Work to complete
Below are the records; restate word for word the lines from the first through the one containing "split=> // /interior_normP [e e0 He].", and only those.
*** Opening of Input material ***
(* The supremum of the parameters of the segment lying in [K] gives the point. *)
Lemma segment_meets_boundary {K a b} : closed K -> K a -> ~ K b ->
  exists2 t, 0 <= t <= 1 &
    K (a + t *: (b - a)) /\ ~ interior K (a + t *: (b - a)).
Proof.
move=> cK Ka nKb; pose P t := a + t *: (b - a).
pose T := [set t : R | 0 <= t <= 1 /\ K (P t)].
have T0 : T 0 by split; [rewrite lexx ler01 | rewrite /P scale0r addr0].
have supT : has_sup T by split; [exists 0 | exists 1 => t [/andP[]]].
set s := sup T.
have s0 : 0 <= s by exact: sup_upper_bound.
have s1 : s <= 1 by apply: ge_sup; [exists 0 | move=> t [/andP[]]].
have ba0 : 0 < `|b - a| + 1 by rewrite ltr_wpDl.
have KPs : K (P s).
  apply/cK/closure_normP => e e0.
  have c0 : 0 < e / (`|b - a| + 1) by rewrite divr_gt0.
  have [t [t01 KPt] st] := sup_adherent c0 supT.
  have /andP[t0 t1] := t01.
  have ts : t <= s by exact: sup_upper_bound.
  exists (P t) => //; rewrite /P segment_diff normrZ ger0_norm ?subr_ge0 //.
  apply: le_lt_trans (ltr_div_succ_mul _ _ e0 (normr_ge0 _)).
  by apply: ler_wpM2r => //; rewrite -/s in st; lra.
have s1' : s < 1.
  rewrite lt_neqAle s1 andbT; apply/eqP => s_eq1; apply: nKb.
  by move: KPs; rewrite /P s_eq1 scale1r addrC subrK.
exists s; first by rewrite s0 s1.
split=> // /interior_normP [e e0 He].
pose h := Num.min (1 - s) (e / (`|b - a| + 1) / 2).
have h0 : 0 < h by rewrite lt_min subr_gt0 s1' !divr_gt0.
have : T (s + h).
  split; first by apply/andP; split; [lra | rewrite -lerBrDl ge_min lexx].
  apply: He; rewrite distrC /P segment_diff addrAC subrr add0r normrZ gtr0_norm //.
  apply: le_lt_trans (ltr_div_succ_mul _ _ e0 (normr_ge0 _)).
  apply: ler_wpM2r => //; rewrite ge_min; apply/orP; right.
  by rewrite ler_pdivrMr // ler_peMr // ?ler1n // divr_ge0 // ltW.
by move=> /(sup_upper_bound supT); rewrite -/s; lra.
Qed.

Lemma normr_segment_le {a b} {t r : R} : 0 <= t <= 1 ->
  `|a| <= r -> `|b| <= r -> `|a + t *: (b - a)| <= r.
Proof.
move=> /andP[t0 t1] ar br.
have -> : a + t *: (b - a) = (1 - t) *: a + t *: b.
  by rewrite scalerBr scalerBl scale1r addrCA addrC.
apply: le_trans (ler_normD _ _) _; rewrite !normrZ ger0_norm ?subr_ge0 // ger0_norm //.
have -> : r = (1 - t) * r + t * r by ring.
by apply: lerD; apply: ler_wpM2l; rewrite ?subr_ge0.
Qed.

Lemma compact_normed_closed {K} : compact K -> closed K.
Proof. by move=> cK; apply: compact_closed; [exact: norm_hausdorff | exact: cK]. Qed.

End NormedModule.

Section RowVectors.
Context {R : realType} {p : nat}.
Implicit Types (K : set 'rV[R]_p) (c d w x y z : 'rV[R]_p).

Lemma entry_le_normr x i : `|x ord0 i| <= `|x|.
Proof.
rewrite [leRHS]/Num.Def.normr /= mx_normrE; apply/bigmax_geP; right.
by exists (ord0, i).
Qed.

Lemma normr_le_entries x (c : R) :
  0 <= c -> (forall i, `|x ord0 i| <= c) -> `|x| <= c.
Proof.
move=> c0 xc; rewrite [leLHS]/Num.Def.normr /= mx_normrE.
by apply: bigmax_le => //= -[i j] _; rewrite (ord1 i).
Qed.

Lemma normr_attained {x} : x != 0 -> exists i, `|x| = `|x ord0 i|.
Proof.
rewrite -normr_eq0 => /mx_norm_neq0 [[i j] xij].
by exists j; rewrite (ord1 i) in xij.
Qed.

Lemma boundary_closedP {K x} : closed K -> boundary K x <-> K x /\ ~ interior K x.
Proof. by move=> cK; rewrite /boundary -(proj1 (closure_id K) cK). Qed.

Lemma compact_annulus (r1 r2 : R) : compact [set x : 'rV[R]_p | r1 <= `|x| <= r2].
Proof.
apply: bounded_closed_compact.
  exists r2; split; first exact: num_real.
  by move=> r r2r x /andP[_ xr2]; apply: le_trans xr2 (ltW r2r).
move=> x /closure_normP clx; apply/andP; split; apply/ler_addgt0Pr => e e0;
  have [y /andP[r1y yr2] xy] := clx e e0.
- by have := lerB_dist y x; rewrite distrC; lra.
- by have := lerB_dist x y; lra.
Qed.

Lemma normr_segment_face c (c' : 'rV[R]_p) (t rho : R) k : 0 <= t <= 1 ->
  `|c| <= rho -> `|c'| <= rho -> c ord0 k = c' ord0 k -> `|c ord0 k| = rho ->
  `|c + t *: (c' - c)| = rho.
Proof.
move=> t01 crho c'rho ck ckrho; apply/eqP; rewrite eq_le normr_segment_le //=.
rewrite -{1}ckrho; apply: le_trans (entry_le_normr _ k).
by rewrite !mxE ck subrr mulr0 addr0 -ck.
Qed.

Definition dotv x y : R := \sum_i x ord0 i * y ord0 i.

Definition l1_norm x : R := \sum_i `|x ord0 i|.

Definition sign_vertex (s : {ffun 'I_p -> bool}) : 'rV[R]_p :=
  \row_i (if s i then 1 else -1).

Definition sgnv x : 'rV[R]_p := sign_vertex [ffun i => 0 <= x ord0 i].

Lemma dotvDr d x y : dotv d (x + y) = dotv d x + dotv d y.
Proof. by rewrite /dotv -big_split; apply: eq_bigr => i _; rewrite mxE mulrDr. Qed.

Lemma dotvZr d x (c : R) : dotv d (c *: x) = c * dotv d x.
Proof. by rewrite /dotv mulr_sumr; apply: eq_bigr => i _; rewrite mxE mulrCA. Qed.

Lemma dotvNr d x : dotv d (- x) = - dotv d x.
Proof. by rewrite /dotv -sumrN; apply: eq_bigr => i _; rewrite mxE mulrN. Qed.

Lemma dotv_ge0 x : 0 <= dotv x x.
Proof. by apply: sumr_ge0 => i _; rewrite -expr2 sqr_ge0. Qed.

Lemma entry_sqr_le_dotv x i : x ord0 i ^+ 2 <= dotv x x.
Proof.
rewrite /dotv (bigD1 i) //= -expr2 lerDl.
by apply: sumr_ge0 => j _; rewrite -expr2 sqr_ge0.
Qed.

Lemma dotv_le_normr x : dotv x x <= p%:R * `|x| ^+ 2.
Proof.
apply: (@le_trans _ _ (\sum_(i < p) `|x| ^+ 2)); last first.
  by rewrite sumr_const card_ord mulr_natl.
apply: ler_sum => i _; rewrite -expr2 -real_normK ?num_real //.
by rewrite lerXn2r ?nnegrE ?normr_ge0 ?entry_le_normr.
Qed.

Lemma dotv_sgnv x : dotv x (sgnv x) = l1_norm x.
Proof.
apply: eq_bigr => i _; rewrite !mxE ffunE.
case: ifP => x0; first by rewrite mulr1 ger0_norm.
by rewrite mulrN1 ltr0_norm // ltNge x0.
Qed.

Lemma normr_sign_vertex_entry s i : `|sign_vertex s ord0 i| = 1 :> R.
Proof. by rewrite mxE; case: ifP; rewrite ?normrN normr1. Qed.

Lemma normr_sign_vertex_le s : `|sign_vertex s| <= 1 :> R.
Proof. by apply: normr_le_entries => // i; rewrite normr_sign_vertex_entry. Qed.

Lemma dotv_le_l1_norm d x : dotv d x <= l1_norm d * `|x|.
Proof.
rewrite /dotv /l1_norm mulr_suml; apply: ler_sum => i _.
apply: le_trans (ler_norm _) _; rewrite normrM.
by apply: ler_wpM2l => //; apply: entry_le_normr.
Qed.

Lemma l1_norm_gt0 x : x != 0 -> 0 < l1_norm x.
Proof.
move=> x0; have [i xi] := normr_attained x0.
apply: (@lt_le_trans _ _ `|x ord0 i|); first by rewrite -xi normr_gt0.
by rewrite /l1_norm (bigD1 i) //= lerDl sumr_ge0.
Qed.

Lemma dotv_subZ x y (t : R) :
  dotv (x - t *: y) (x - t *: y) = dotv x x - 2 * t * dotv x y + t ^+ 2 * dotv y y.
Proof.
rewrite /dotv mulr_sumr [t ^+ 2 * _]mulr_sumr -sumrB -big_split /=.
by apply: eq_bigr => i _; rewrite !mxE; ring.
Qed.

Lemma continuous_dotv_dist w : continuous (fun z => dotv (w - z) (w - z)).
Proof.
apply: continuous_big => //; first exact: add_continuous.
move=> i _ z.
have wz_i : (fun z : 'rV[R]_p => w ord0 i - z ord0 i) @ z --> w ord0 i - z ord0 i.
  exact: cvgB (cvg_cst _) (@coord_continuous R 1 p ord0 i z).
under eq_fun do rewrite !mxE.
exact: (cvgM wz_i wz_i).
Qed.

End RowVectors.

Section OuterNormals.
Context {R : realType} {p : nat}.
Implicit Types (K : set 'rV[R]_p) (a c d o q u w y z : 'rV[R]_p).

Definition outer_normal K q d := d != 0 /\ forall z, K z -> dotv d (z - q) <= 0.

Section NearestPoint.
Context {K : set 'rV[R]_p} {w q : 'rV[R]_p}.
Hypotheses (Kq : K q)
  (q_nearest : forall z, K z -> dotv (w - q) (w - q) <= dotv (w - z) (w - z)).

(* Otherwise a small step from [q] towards [z] would get closer to [w]. *)
Lemma nearest_point_normal {z} : is_convex K -> K z -> dotv (w - q) (z - q) <= 0.
Proof.
move=> convK Kz; rewrite leNgt; apply/negP => a0.
set a := dotv (w - q) (z - q) in a0; set b := dotv (z - q) (z - q).
have b0 : 0 <= b by exact: dotv_ge0.
have ba0 : 0 < b + a by rewrite ltr_wpDl.
set t := a / (b + a).
have t0 : 0 < t by rewrite divr_gt0.
have t1 : t <= 1 by rewrite ler_pdivrMr // mul1r lerDr.
have tb : t * b <= a by rewrite /t mulrAC ler_pdivrMr // ler_pM2l // lerDl ltW.
have := q_nearest _ (convK _ _ _ Kz Kq (ltW t0) t1).
have -> : w - (t *: z + (1 - t) *: q) = (w - q) - t *: (z - q).
  by apply/matrixP => i j; rewrite !mxE; ring.
rewrite dotv_subZ -/a -/b.
have : 0 < t * (2 * a - t * b) by rewrite mulr_gt0 //; lra.
by rewrite -subr_gt0; lra.
Qed.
*** Close of Input material ***
Exercise response
(* The supremum of the parameters of the segment lying in [K] gives the point. *)
Lemma segment_meets_boundary {K a b} : closed K -> K a -> ~ K b ->
  exists2 t, 0 <= t <= 1 &
    K (a + t *: (b - a)) /\ ~ interior K (a + t *: (b - a)).
Proof.
move=> cK Ka nKb; pose P t := a + t *: (b - a).
pose T := [set t : R | 0 <= t <= 1 /\ K (P t)].
have T0 : T 0 by split; [rewrite lexx ler01 | rewrite /P scale0r addr0].
have supT : has_sup T by split; [exists 0 | exists 1 => t [/andP[]]].
set s := sup T.
have s0 : 0 <= s by exact: sup_upper_bound.
have s1 : s <= 1 by apply: ge_sup; [exists 0 | move=> t [/andP[]]].
have ba0 : 0 < `|b - a| + 1 by rewrite ltr_wpDl.
have KPs : K (P s).
  apply/cK/closure_normP => e e0.
  have c0 : 0 < e / (`|b - a| + 1) by rewrite divr_gt0.
  have [t [t01 KPt] st] := sup_adherent c0 supT.
  have /andP[t0 t1] := t01.
  have ts : t <= s by exact: sup_upper_bound.
  exists (P t) => //; rewrite /P segment_diff normrZ ger0_norm ?subr_ge0 //.
  apply: le_lt_trans (ltr_div_succ_mul _ _ e0 (normr_ge0 _)).
  by apply: ler_wpM2r => //; rewrite -/s in st; lra.
have s1' : s < 1.
  rewrite lt_neqAle s1 andbT; apply/eqP => s_eq1; apply: nKb.
  by move: KPs; rewrite /P s_eq1 scale1r addrC subrK.
exists s; first by rewrite s0 s1.
split=> // /interior_normP [e e0 He].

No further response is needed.